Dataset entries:
========

Lemma feq_conj_last c V q :
  feq (ginv ((c, false) :: V) ++ gpos (rcons q c) ++ (c, false) :: V)
      (ginv V ++ gpos (c :: q) ++ V).
Proof.
rewrite ginv_cons -catA; apply: feq_cat => //=.
rewrite /gpos map_rcons -cats1 -catA /=; apply: (@feq_cat [:: _] [:: _]) => //.
by apply: feq_cat => //; apply: (feq_cat_ginv [:: (c, true)] V).
Qed.

Lemma freely_reduced_conj y V d q q0 e : d :: q = rcons q0 e ->
  freely_reduced (y :: V) -> ~~ (y.2 && (d == y.1)) -> ~~ (~~ y.2 && (e == y.1)) ->
  freely_reduced (ginv (y :: V) ++ gpos (d :: q) ++ y :: V).
Proof.
case: y => c b eqq hV hd he; rewrite ginv_cons cats1.
have hVinv : freely_reduced (rcons (ginv V) (glinv (c, b))).
  by rewrite -cats1 -ginv_cons freely_reduced_ginv.
have hqV : freely_reduced (gpos (d :: q) ++ (c, b) :: V).
  rewrite eqq /gpos map_rcons; apply: freely_reduced_rcons_cat => //.
    by rewrite /glinv /= xpair_eqE; move: he; case: (b) => /= [_ | /negbTE he];
      rewrite ?andbF // eq_sym he.
  rewrite -(map_rcons (fun x => (x, true))) -eqq.
  exact: (freely_reduced_gpos (d :: q)).
apply: freely_reduced_rcons_cat => //.
by rewrite glinvK xpair_eqE; move: hd; case: (b) => /= [/negbTE -> | _]; rewrite ?andbF.
Qed.

Lemma conj_gpos_rot V : freely_reduced V -> forall q p,
  freduce (ginv V ++ gpos q ++ V) = gpos p -> exists k, p = rot k q.
Proof.
elim: V => [|y V IH] hV q p.
  rewrite cats0 freduce_id ?freely_reduced_gpos // => /gpos_inj ->.
  by exists 0; rewrite rot0.
have hV' : freely_reduced V := path_sorted hV.
case: q => [|d q].
  move=> h; have := feq_ginv_cat (y :: V) [::]; rewrite /feq cats0 /= h.
  by case: p {h} => // _; exists 0.
have [q0 [e eqq]] : exists q0 e, d :: q = rcons q0 e.
  by exists (belast d q), (last d q); rewrite lastI.
case hd: (y.2 && (d == y.1)).
  case: y hV hd => c [] //= hV /eqP -> h.
  have [k ->] := IH hV' (rcons q c) p (etrans (esym (feq_conj_head _ _ _)) h).
  by rewrite -rot1_cons rot_rot_add; eexists.
case he: (~~ y.2 && (e == y.1)).
  case: y hV hd he => c [] //= hV _ /eqP ec h; subst e.
  rewrite -[(d, true) :: _]/(gpos (d :: q) ++ _) eqq in h.
  have [k ->] := IH hV' (c :: q0) p (etrans (esym (feq_conj_last _ _ _)) h).
  by rewrite eqq -{1}(rotr1_rcons c q0) /rotr rot_rot_add; eexists.
rewrite freduce_id ?(freely_reduced_conj eqq) ?hd ?he // => h.
have := all_snd_gpos p; rewrite -h.
case: y {hV hd he h} => c b; rewrite ginv_cons !all_cat /= !andbT.
by case: b; rewrite /= ?andbF.
Qed.
(* For a threshold graph $G$ and an integer $d\ge0$, $\mathrm{degen}(G)\ge d$ if and only if $G$ contains a subgraph isomorphic to $K_{d+1}$.
   Context: A threshold graph on $n\ge1$ vertices is built from a base vertex $v_0$ by successively adding $v_1,\dots,v_{n-1}$, each either isolated (adjacent to no earlier vertex) or dominating (adjacent to all earlier vertices). The degeneracy of a graph $G$ is $\mathrm{degen}(G)=\max_{H}\min_{v\in V(H)}\deg_H(v)$, the maximum over nonempty induced subgraphs $H$ of $G$ of the minimum degree of $H$; equivalently, the largest $k$ such that the $k$-core of $G$ (the maximal induced subgraph of minimum degree at least $k$) is nonempty. *)

From mathcomp Require Import all_boot.
Set Implicit Arguments. Unset Strict Implicit. Unset Printing Implicit Defensive.

(* Threshold construction on vertices 'I_n (vertex i is v_i): the vertex v_j,
   j >= 1, is dominating iff b j = true (then adjacent to all earlier vertices),
   isolated otherwise.  The value b 0 (base vertex) is irrelevant. *)
Definition thr_adj n (b : 'I_n -> bool) (i j : 'I_n) : bool :=
  (i != j) && b (if i < j then j else i).

Definition is_threshold (T : finType) (e : rel T) : Prop :=
  exists n : nat, exists b : 'I_n -> bool, exists f : 'I_n -> T,
    [/\ 0 < n, bijective f & forall i j, e (f i) (f j) = thr_adj b i j].

Definition deg_in (T : finType) (e : rel T) (H : {set T}) (v : T) : nat :=
  #|[set u in H | e v u]|.

Definition mindeg (T : finType) (e : rel T) (H : {set T}) : nat :=
  \big[minn/#|T|]_(v in H) deg_in e H v.

Definition degen (T : finType) (e : rel T) : nat :=
  \max_(H : {set T} | H != set0) mindeg e H.

Definition has_clique (T : finType) (e : rel T) (k : nat) : Prop :=
  exists f : 'I_k -> T, injective f /\ forall i j, i != j -> e (f i) (f j).

From mathcomp Require Import all_boot.

(* In a threshold graph, the neighbours of the earliest vertex s of an induced
   subgraph H all come later than s, so each of them is dominating; any two
   dominating vertices are adjacent, hence s together with its neighbourhood in
   H is a clique on deg_H(s) + 1 >= mindeg(H) + 1 vertices.  Taking H with
   maximal minimum degree gives the forward direction; conversely every vertex
   of a clique K has degree |K| - 1 inside K. *)

Set Implicit Arguments.
Unset Strict Implicit.
Unset Printing Implicit Defensive.

Section Degeneracy.
Variables (T : finType) (e : rel T).

Definition clique (K : {set T}) : Prop := {in K &, forall x y, x != y -> e x y}.

Lemma has_cliqueP k : has_clique e k <-> exists2 K, clique K & k <= #|K|.
Proof.
split=> [[f [f_inj f_adj]] | [K cK kK]].
  exists (f @: [set: 'I_k]); last by rewrite card_imset // cardsT card_ord.
  move=> _ _ /imsetP[i _ ->] /imsetP[j _ ->] fij.
  by apply: f_adj; apply: contraNneq fij => ->.
pose f (i : 'I_k) := enum_val (widen_ord kK i).
have f_inj : injective f by move=> i j /enum_val_inj /(congr1 val) /= /val_inj.
exists f; split=> // i j ij; apply: cK; rewrite ?enum_valP ?(inj_eq f_inj) //.
Qed.

Lemma mindeg_leq_deg (H : {set T}) v : v \in H -> mindeg e H <= deg_in e H v.
Proof.
move=> Hv; rewrite /mindeg; elim: (index_enum T) (mem_index_enum v) => //= u r IH.
rewrite inE big_cons => /predU1P[<- | vr]; first by rewrite Hv geq_minl.
by case: ifP => _; rewrite ?(leq_trans (geq_minr _ _)) ?IH.
Qed.

Lemma leq_mindeg (H : {set T}) d :
  {in H, forall v, d <= deg_in e H v} -> d <= #|T| -> d <= mindeg e H.
Proof.
move=> degH dT; rewrite /mindeg; elim/big_ind: _ => // x y dx dy.
by rewrite leq_min dx dy.
Qed.

Lemma leq_degen (H : {set T}) : H != set0 -> mindeg e H <= degen e.
Proof. exact: (@leq_bigmax_cond _ _ (mindeg e) H). Qed.

Lemma degen_attained (x : T) : exists2 H : {set T}, H != set0 & degen e = mindeg e H.
Proof.
have : 0 < #|[pred H : {set T} | H != set0]|.
  by apply/card_gt0P; exists setT; apply/set0Pn; exists x.
by case/(eq_bigmax_cond (mindeg e)) => H; exists H.
Qed.

Lemma clique_mindeg (K : {set T}) : clique K -> #|K|.-1 <= mindeg e K.
Proof.
move=> cK; apply: leq_mindeg; last exact: leq_trans (leq_pred _) (max_card _).
move=> v Kv; rewrite (cardsD1 v K) Kv /=.
apply: subset_leq_card; apply/subsetP => u; rewrite !inE => /andP[uv Ku].
by rewrite Ku cK // eq_sym.
Qed.

Lemma has_clique_leq_degen d : has_clique e d.+1 -> d <= degen e.
Proof.
case/has_cliqueP => K cK dK.
have K0 : K != set0 by rewrite -card_gt0 (leq_trans _ dK).
apply: leq_trans (leq_degen K0); apply: leq_trans (clique_mindeg cK).
by move: dK; case: #|K|.
Qed.

End Degeneracy.

Lemma thr_adjC n (b : 'I_n -> bool) : symmetric (thr_adj b).
Proof.
move=> i j; rewrite /thr_adj eq_sym; case: (eqVneq i j) => //= /negbTE ij.
by case: ltngtP => // /val_inj eij; rewrite eij eqxx in ij.
Qed.

Lemma thr_adj_ltn n (b : 'I_n -> bool) (i j : 'I_n) : i < j -> thr_adj b i j = b j.
Proof. by move=> ij; rewrite /thr_adj ij -val_eqE /= (ltn_eqF ij). Qed.

Lemma thr_adj_dominating n (b : 'I_n -> bool) (i j : 'I_n) :
  i != j -> b i -> b j -> thr_adj b i j.
Proof. by move=> ij bi bj; rewrite /thr_adj ij; case: ifP. Qed.

Section ThresholdClique.
Variables (T : finType) (e : rel T) (n : nat) (b : 'I_n -> bool) (g : T -> 'I_n).
Hypotheses (g_inj : injective g) (eE : forall x y, e x y = thr_adj b (g x) (g y)).

Lemma threshold_mindeg_clique (H : {set T}) :
  H != set0 -> exists2 K, clique e K & mindeg e H < #|K|.
Proof.
case/set0Pn => x0 Hx0; have [s Hs s_first] := arg_minnP (fun x => val (g x)) Hx0.
pose N := [set u in H | e s u].
have N_dominating u : u \in N -> b (g u).
  rewrite inE eE => /andP[Hu su].
  have lt_su : g s < g u by rewrite ltn_neqAle val_eqE s_first // andbT; case/andP: su.
  by rewrite -(thr_adj_ltn b lt_su).
exists (s |: N).
  move=> x y /setU1P[->|Nx] /setU1P[->|Ny]; rewrite ?eqxx // => xy.
  - by move: Ny; rewrite inE => /andP[].
  - by move: Nx; rewrite inE eE thr_adjC -eE => /andP[].
  - by rewrite eE thr_adj_dominating ?(inj_eq g_inj) ?N_dominating.
have sN : s \notin N by rewrite inE eE /thr_adj eqxx andbF.
by rewrite cardsU1 sN ltnS mindeg_leq_deg.
Qed.

End ThresholdClique.

Theorem mainTheorem11 (T : finType) (e : rel T) (d : nat) :
  is_threshold e -> (d <= degen e)%N <-> has_clique e d.+1.
Proof.
case=> n [b [f [n_gt0 [g fK gK] efE]]].
have eE x y : e x y = thr_adj b (g x) (g y) by rewrite -efE !gK.
split=> [d_degen | /has_clique_leq_degen //].
have [H H0 degenE] := degen_attained e (f (Ordinal n_gt0)).
have [K cK HK] := threshold_mindeg_clique (can_inj gK) eE H0.
by apply/has_cliqueP; exists K; rewrite // (leq_trans _ HK) // ltnS -degenE.
Qed.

========

Try it> Once you reach the line with "exists f; split=>" in the data above, copy it and every line after it exactly, up to and including the line with "i != j -> b i -> b j -> thr_adj b i j.".

Solution for this task>
exists f; split=> // i j ij; apply: cK; rewrite ?enum_valP ?(inj_eq f_inj) //.
Qed.

Lemma mindeg_leq_deg (H : {set T}) v : v \in H -> mindeg e H <= deg_in e H v.
Proof.
move=> Hv; rewrite /mindeg; elim: (index_enum T) (mem_index_enum v) => //= u r IH.
rewrite inE big_cons => /predU1P[<- | vr]; first by rewrite Hv geq_minl.
by case: ifP => _; rewrite ?(leq_trans (geq_minr _ _)) ?IH.
Qed.

Lemma leq_mindeg (H : {set T}) d :
  {in H, forall v, d <= deg_in e H v} -> d <= #|T| -> d <= mindeg e H.
Proof.
move=> degH dT; rewrite /mindeg; elim/big_ind: _ => // x y dx dy.
by rewrite leq_min dx dy.
Qed.

Lemma leq_degen (H : {set T}) : H != set0 -> mindeg e H <= degen e.
Proof. exact: (@leq_bigmax_cond _ _ (mindeg e) H). Qed.

Lemma degen_attained (x : T) : exists2 H : {set T}, H != set0 & degen e = mindeg e H.
Proof.
have : 0 < #|[pred H : {set T} | H != set0]|.
  by apply/card_gt0P; exists setT; apply/set0Pn; exists x.
by case/(eq_bigmax_cond (mindeg e)) => H; exists H.
Qed.

Lemma clique_mindeg (K : {set T}) : clique K -> #|K|.-1 <= mindeg e K.
Proof.
move=> cK; apply: leq_mindeg; last exact: leq_trans (leq_pred _) (max_card _).
move=> v Kv; rewrite (cardsD1 v K) Kv /=.
apply: subset_leq_card; apply/subsetP => u; rewrite !inE => /andP[uv Ku].
by rewrite Ku cK // eq_sym.
Qed.

Lemma has_clique_leq_degen d : has_clique e d.+1 -> d <= degen e.
Proof.
case/has_cliqueP => K cK dK.
have K0 : K != set0 by rewrite -card_gt0 (leq_trans _ dK).
apply: leq_trans (leq_degen K0); apply: leq_trans (clique_mindeg cK).
by move: dK; case: #|K|.
Qed.

End Degeneracy.

Lemma thr_adjC n (b : 'I_n -> bool) : symmetric (thr_adj b).
Proof.
move=> i j; rewrite /thr_adj eq_sym; case: (eqVneq i j) => //= /negbTE ij.
by case: ltngtP => // /val_inj eij; rewrite eij eqxx in ij.
Qed.

Lemma thr_adj_ltn n (b : 'I_n -> bool) (i j : 'I_n) : i < j -> thr_adj b i j = b j.
Proof. by move=> ij; rewrite /thr_adj ij -val_eqE /= (ltn_eqF ij). Qed.

Lemma thr_adj_dominating n (b : 'I_n -> bool) (i j : 'I_n) :
  i != j -> b i -> b j -> thr_adj b i j.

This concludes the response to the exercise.